## What the task asks
Reproduce the data in full, exactly.

______________________________

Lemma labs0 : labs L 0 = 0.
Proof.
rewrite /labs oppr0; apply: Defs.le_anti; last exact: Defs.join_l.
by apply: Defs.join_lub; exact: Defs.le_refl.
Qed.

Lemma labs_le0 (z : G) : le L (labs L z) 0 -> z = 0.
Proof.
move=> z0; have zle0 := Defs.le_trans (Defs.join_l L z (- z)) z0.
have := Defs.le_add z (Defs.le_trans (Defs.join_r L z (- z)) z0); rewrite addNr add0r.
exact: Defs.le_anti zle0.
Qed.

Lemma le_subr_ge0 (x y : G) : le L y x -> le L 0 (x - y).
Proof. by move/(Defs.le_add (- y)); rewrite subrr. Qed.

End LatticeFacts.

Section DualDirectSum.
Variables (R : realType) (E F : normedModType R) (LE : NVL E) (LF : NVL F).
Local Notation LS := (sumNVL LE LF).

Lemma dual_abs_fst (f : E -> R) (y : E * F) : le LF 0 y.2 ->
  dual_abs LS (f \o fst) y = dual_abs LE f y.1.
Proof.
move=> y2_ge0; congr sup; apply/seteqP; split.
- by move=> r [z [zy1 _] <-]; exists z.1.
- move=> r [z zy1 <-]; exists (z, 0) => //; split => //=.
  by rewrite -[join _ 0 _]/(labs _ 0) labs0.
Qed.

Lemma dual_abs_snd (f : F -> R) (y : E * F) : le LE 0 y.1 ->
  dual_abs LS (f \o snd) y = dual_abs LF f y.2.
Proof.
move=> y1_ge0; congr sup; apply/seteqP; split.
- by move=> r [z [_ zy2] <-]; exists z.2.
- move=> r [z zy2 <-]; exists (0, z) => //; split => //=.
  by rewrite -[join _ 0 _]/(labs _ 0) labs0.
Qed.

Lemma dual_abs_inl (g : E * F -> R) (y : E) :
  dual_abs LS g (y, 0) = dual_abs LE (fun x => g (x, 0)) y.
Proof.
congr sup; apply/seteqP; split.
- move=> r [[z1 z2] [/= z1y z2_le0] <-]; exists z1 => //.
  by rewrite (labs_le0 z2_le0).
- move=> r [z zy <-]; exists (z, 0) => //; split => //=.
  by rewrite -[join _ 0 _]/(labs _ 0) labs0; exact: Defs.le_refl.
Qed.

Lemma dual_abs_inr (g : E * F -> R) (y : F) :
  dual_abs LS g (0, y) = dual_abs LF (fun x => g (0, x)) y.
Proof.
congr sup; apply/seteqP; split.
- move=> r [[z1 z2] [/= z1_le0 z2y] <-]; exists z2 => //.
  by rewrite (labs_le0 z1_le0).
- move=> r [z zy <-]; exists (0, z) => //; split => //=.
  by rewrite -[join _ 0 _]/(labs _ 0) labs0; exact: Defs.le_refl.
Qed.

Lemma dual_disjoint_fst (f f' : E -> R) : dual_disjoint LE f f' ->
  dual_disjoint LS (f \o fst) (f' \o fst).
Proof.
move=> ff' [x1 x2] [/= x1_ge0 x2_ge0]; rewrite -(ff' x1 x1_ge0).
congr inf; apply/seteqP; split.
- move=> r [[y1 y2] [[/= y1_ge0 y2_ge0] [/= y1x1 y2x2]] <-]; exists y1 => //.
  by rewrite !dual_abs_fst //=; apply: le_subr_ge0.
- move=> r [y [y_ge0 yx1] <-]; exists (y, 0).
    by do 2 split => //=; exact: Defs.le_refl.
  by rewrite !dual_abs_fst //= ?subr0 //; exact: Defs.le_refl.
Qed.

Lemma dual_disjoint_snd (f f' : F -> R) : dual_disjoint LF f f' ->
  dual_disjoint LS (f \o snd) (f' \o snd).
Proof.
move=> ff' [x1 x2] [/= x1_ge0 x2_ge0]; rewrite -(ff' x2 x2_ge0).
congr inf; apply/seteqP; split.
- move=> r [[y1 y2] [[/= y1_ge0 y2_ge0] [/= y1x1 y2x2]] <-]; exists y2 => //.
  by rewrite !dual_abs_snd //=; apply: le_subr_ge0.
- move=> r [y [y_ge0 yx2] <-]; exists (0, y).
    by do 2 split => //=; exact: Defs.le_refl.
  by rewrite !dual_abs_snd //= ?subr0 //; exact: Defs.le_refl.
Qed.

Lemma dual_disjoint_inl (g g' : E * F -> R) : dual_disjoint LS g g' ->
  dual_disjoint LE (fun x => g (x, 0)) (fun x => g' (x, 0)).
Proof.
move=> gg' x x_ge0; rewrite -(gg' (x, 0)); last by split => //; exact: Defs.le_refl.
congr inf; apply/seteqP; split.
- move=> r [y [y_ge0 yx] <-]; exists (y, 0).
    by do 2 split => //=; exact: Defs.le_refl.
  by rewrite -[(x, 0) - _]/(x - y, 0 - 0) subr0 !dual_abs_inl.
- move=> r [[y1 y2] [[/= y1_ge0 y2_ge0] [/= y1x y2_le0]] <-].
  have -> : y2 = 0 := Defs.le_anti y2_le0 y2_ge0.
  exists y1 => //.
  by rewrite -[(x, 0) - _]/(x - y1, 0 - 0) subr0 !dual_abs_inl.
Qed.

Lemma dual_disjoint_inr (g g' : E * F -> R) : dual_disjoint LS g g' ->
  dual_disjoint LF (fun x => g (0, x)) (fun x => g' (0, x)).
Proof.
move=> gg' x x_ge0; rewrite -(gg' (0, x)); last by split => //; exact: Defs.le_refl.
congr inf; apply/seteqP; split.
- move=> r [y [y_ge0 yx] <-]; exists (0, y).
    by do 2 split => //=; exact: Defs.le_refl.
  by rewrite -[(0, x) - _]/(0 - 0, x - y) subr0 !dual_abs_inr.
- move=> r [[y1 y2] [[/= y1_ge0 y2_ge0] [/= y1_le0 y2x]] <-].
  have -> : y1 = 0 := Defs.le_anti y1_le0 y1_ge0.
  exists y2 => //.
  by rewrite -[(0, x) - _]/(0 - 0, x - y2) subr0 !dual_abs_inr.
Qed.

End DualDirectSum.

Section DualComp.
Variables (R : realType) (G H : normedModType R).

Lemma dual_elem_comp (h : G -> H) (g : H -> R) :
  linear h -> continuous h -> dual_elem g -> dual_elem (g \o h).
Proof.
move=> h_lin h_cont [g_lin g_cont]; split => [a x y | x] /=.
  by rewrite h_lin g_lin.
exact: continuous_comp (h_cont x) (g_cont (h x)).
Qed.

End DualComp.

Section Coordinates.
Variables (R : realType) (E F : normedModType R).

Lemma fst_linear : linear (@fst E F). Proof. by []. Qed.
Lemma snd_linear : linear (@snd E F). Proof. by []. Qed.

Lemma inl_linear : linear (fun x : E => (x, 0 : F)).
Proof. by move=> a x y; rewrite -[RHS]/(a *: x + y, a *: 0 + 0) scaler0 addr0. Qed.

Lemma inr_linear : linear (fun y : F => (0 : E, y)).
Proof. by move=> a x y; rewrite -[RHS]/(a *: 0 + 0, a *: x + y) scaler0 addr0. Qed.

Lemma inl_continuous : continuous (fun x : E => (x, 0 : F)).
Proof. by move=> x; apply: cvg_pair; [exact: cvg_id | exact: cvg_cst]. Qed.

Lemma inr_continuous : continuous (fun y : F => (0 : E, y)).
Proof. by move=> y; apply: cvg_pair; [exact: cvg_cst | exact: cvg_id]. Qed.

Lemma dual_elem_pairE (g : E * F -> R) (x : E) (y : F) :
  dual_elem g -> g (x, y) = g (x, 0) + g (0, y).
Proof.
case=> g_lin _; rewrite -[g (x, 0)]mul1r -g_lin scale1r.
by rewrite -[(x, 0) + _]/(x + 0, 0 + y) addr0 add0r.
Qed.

______________________________

## Task response
Lemma labs0 : labs L 0 = 0.
Proof.
rewrite /labs oppr0; apply: Defs.le_anti; last exact: Defs.join_l.
by apply: Defs.join_lub; exact: Defs.le_refl.
Qed.

Lemma labs_le0 (z : G) : le L (labs L z) 0 -> z = 0.
Proof.
move=> z0; have zle0 := Defs.le_trans (Defs.join_l L z (- z)) z0.
have := Defs.le_add z (Defs.le_trans (Defs.join_r L z (- z)) z0); rewrite addNr add0r.
exact: Defs.le_anti zle0.
Qed.

Lemma le_subr_ge0 (x y : G) : le L y x -> le L 0 (x - y).
Proof. by move/(Defs.le_add (- y)); rewrite subrr. Qed.

End LatticeFacts.

Section DualDirectSum.
Variables (R : realType) (E F : normedModType R) (LE : NVL E) (LF : NVL F).
Local Notation LS := (sumNVL LE LF).

Lemma dual_abs_fst (f : E -> R) (y : E * F) : le LF 0 y.2 ->
  dual_abs LS (f \o fst) y = dual_abs LE f y.1.
Proof.
move=> y2_ge0; congr sup; apply/seteqP; split.
- by move=> r [z [zy1 _] <-]; exists z.1.
- move=> r [z zy1 <-]; exists (z, 0) => //; split => //=.
  by rewrite -[join _ 0 _]/(labs _ 0) labs0.
Qed.

Lemma dual_abs_snd (f : F -> R) (y : E * F) : le LE 0 y.1 ->
  dual_abs LS (f \o snd) y = dual_abs LF f y.2.
Proof.
move=> y1_ge0; congr sup; apply/seteqP; split.
- by move=> r [z [_ zy2] <-]; exists z.2.
- move=> r [z zy2 <-]; exists (0, z) => //; split => //=.
  by rewrite -[join _ 0 _]/(labs _ 0) labs0.
Qed.

Lemma dual_abs_inl (g : E * F -> R) (y : E) :
  dual_abs LS g (y, 0) = dual_abs LE (fun x => g (x, 0)) y.
Proof.
congr sup; apply/seteqP; split.
- move=> r [[z1 z2] [/= z1y z2_le0] <-]; exists z1 => //.
  by rewrite (labs_le0 z2_le0).
- move=> r [z zy <-]; exists (z, 0) => //; split => //=.
  by rewrite -[join _ 0 _]/(labs _ 0) labs0; exact: Defs.le_refl.
Qed.

Lemma dual_abs_inr (g : E * F -> R) (y : F) :
  dual_abs LS g (0, y) = dual_abs LF (fun x => g (0, x)) y.
Proof.
congr sup; apply/seteqP; split.
- move=> r [[z1 z2] [/= z1_le0 z2y] <-]; exists z2 => //.
  by rewrite (labs_le0 z1_le0).
- move=> r [z zy <-]; exists (0, z) => //; split => //=.
  by rewrite -[join _ 0 _]/(labs _ 0) labs0; exact: Defs.le_refl.
Qed.

Lemma dual_disjoint_fst (f f' : E -> R) : dual_disjoint LE f f' ->
  dual_disjoint LS (f \o fst) (f' \o fst).
Proof.
move=> ff' [x1 x2] [/= x1_ge0 x2_ge0]; rewrite -(ff' x1 x1_ge0).
congr inf; apply/seteqP; split.
- move=> r [[y1 y2] [[/= y1_ge0 y2_ge0] [/= y1x1 y2x2]] <-]; exists y1 => //.
  by rewrite !dual_abs_fst //=; apply: le_subr_ge0.
- move=> r [y [y_ge0 yx1] <-]; exists (y, 0).
    by do 2 split => //=; exact: Defs.le_refl.
  by rewrite !dual_abs_fst //= ?subr0 //; exact: Defs.le_refl.
Qed.

Lemma dual_disjoint_snd (f f' : F -> R) : dual_disjoint LF f f' ->
  dual_disjoint LS (f \o snd) (f' \o snd).
Proof.
move=> ff' [x1 x2] [/= x1_ge0 x2_ge0]; rewrite -(ff' x2 x2_ge0).
congr inf; apply/seteqP; split.
- move=> r [[y1 y2] [[/= y1_ge0 y2_ge0] [/= y1x1 y2x2]] <-]; exists y2 => //.
  by rewrite !dual_abs_snd //=; apply: le_subr_ge0.
- move=> r [y [y_ge0 yx2] <-]; exists (0, y).
    by do 2 split => //=; exact: Defs.le_refl.
  by rewrite !dual_abs_snd //= ?subr0 //; exact: Defs.le_refl.
Qed.

Lemma dual_disjoint_inl (g g' : E * F -> R) : dual_disjoint LS g g' ->
  dual_disjoint LE (fun x => g (x, 0)) (fun x => g' (x, 0)).
Proof.
move=> gg' x x_ge0; rewrite -(gg' (x, 0)); last by split => //; exact: Defs.le_refl.
congr inf; apply/seteqP; split.
- move=> r [y [y_ge0 yx] <-]; exists (y, 0).
    by do 2 split => //=; exact: Defs.le_refl.
  by rewrite -[(x, 0) - _]/(x - y, 0 - 0) subr0 !dual_abs_inl.
- move=> r [[y1 y2] [[/= y1_ge0 y2_ge0] [/= y1x y2_le0]] <-].
  have -> : y2 = 0 := Defs.le_anti y2_le0 y2_ge0.
  exists y1 => //.
  by rewrite -[(x, 0) - _]/(x - y1, 0 - 0) subr0 !dual_abs_inl.
Qed.

Lemma dual_disjoint_inr (g g' : E * F -> R) : dual_disjoint LS g g' ->
  dual_disjoint LF (fun x => g (0, x)) (fun x => g' (0, x)).
Proof.
move=> gg' x x_ge0; rewrite -(gg' (0, x)); last by split => //; exact: Defs.le_refl.
congr inf; apply/seteqP; split.
- move=> r [y [y_ge0 yx] <-]; exists (0, y).
    by do 2 split => //=; exact: Defs.le_refl.
  by rewrite -[(0, x) - _]/(0 - 0, x - y) subr0 !dual_abs_inr.
- move=> r [[y1 y2] [[/= y1_ge0 y2_ge0] [/= y1_le0 y2x]] <-].
  have -> : y1 = 0 := Defs.le_anti y1_le0 y1_ge0.
  exists y2 => //.
  by rewrite -[(0, x) - _]/(0 - 0, x - y2) subr0 !dual_abs_inr.
Qed.

End DualDirectSum.

Section DualComp.
Variables (R : realType) (G H : normedModType R).

Lemma dual_elem_comp (h : G -> H) (g : H -> R) :
  linear h -> continuous h -> dual_elem g -> dual_elem (g \o h).
Proof.
move=> h_lin h_cont [g_lin g_cont]; split => [a x y | x] /=.
  by rewrite h_lin g_lin.
exact: continuous_comp (h_cont x) (g_cont (h x)).
Qed.

End DualComp.

Section Coordinates.
Variables (R : realType) (E F : normedModType R).

Lemma fst_linear : linear (@fst E F). Proof. by []. Qed.
Lemma snd_linear : linear (@snd E F). Proof. by []. Qed.

Lemma inl_linear : linear (fun x : E => (x, 0 : F)).
Proof. by move=> a x y; rewrite -[RHS]/(a *: x + y, a *: 0 + 0) scaler0 addr0. Qed.

Lemma inr_linear : linear (fun y : F => (0 : E, y)).
Proof. by move=> a x y; rewrite -[RHS]/(a *: 0 + 0, a *: x + y) scaler0 addr0. Qed.

Lemma inl_continuous : continuous (fun x : E => (x, 0 : F)).
Proof. by move=> x; apply: cvg_pair; [exact: cvg_id | exact: cvg_cst]. Qed.

Lemma inr_continuous : continuous (fun y : F => (0 : E, y)).
Proof. by move=> y; apply: cvg_pair; [exact: cvg_cst | exact: cvg_id]. Qed.

Lemma dual_elem_pairE (g : E * F -> R) (x : E) (y : F) :
  dual_elem g -> g (x, y) = g (x, 0) + g (0, y).
Proof.
case=> g_lin _; rewrite -[g (x, 0)]mul1r -g_lin scale1r.
by rewrite -[(x, 0) + _]/(x + 0, 0 + y) addr0 add0r.
Qed.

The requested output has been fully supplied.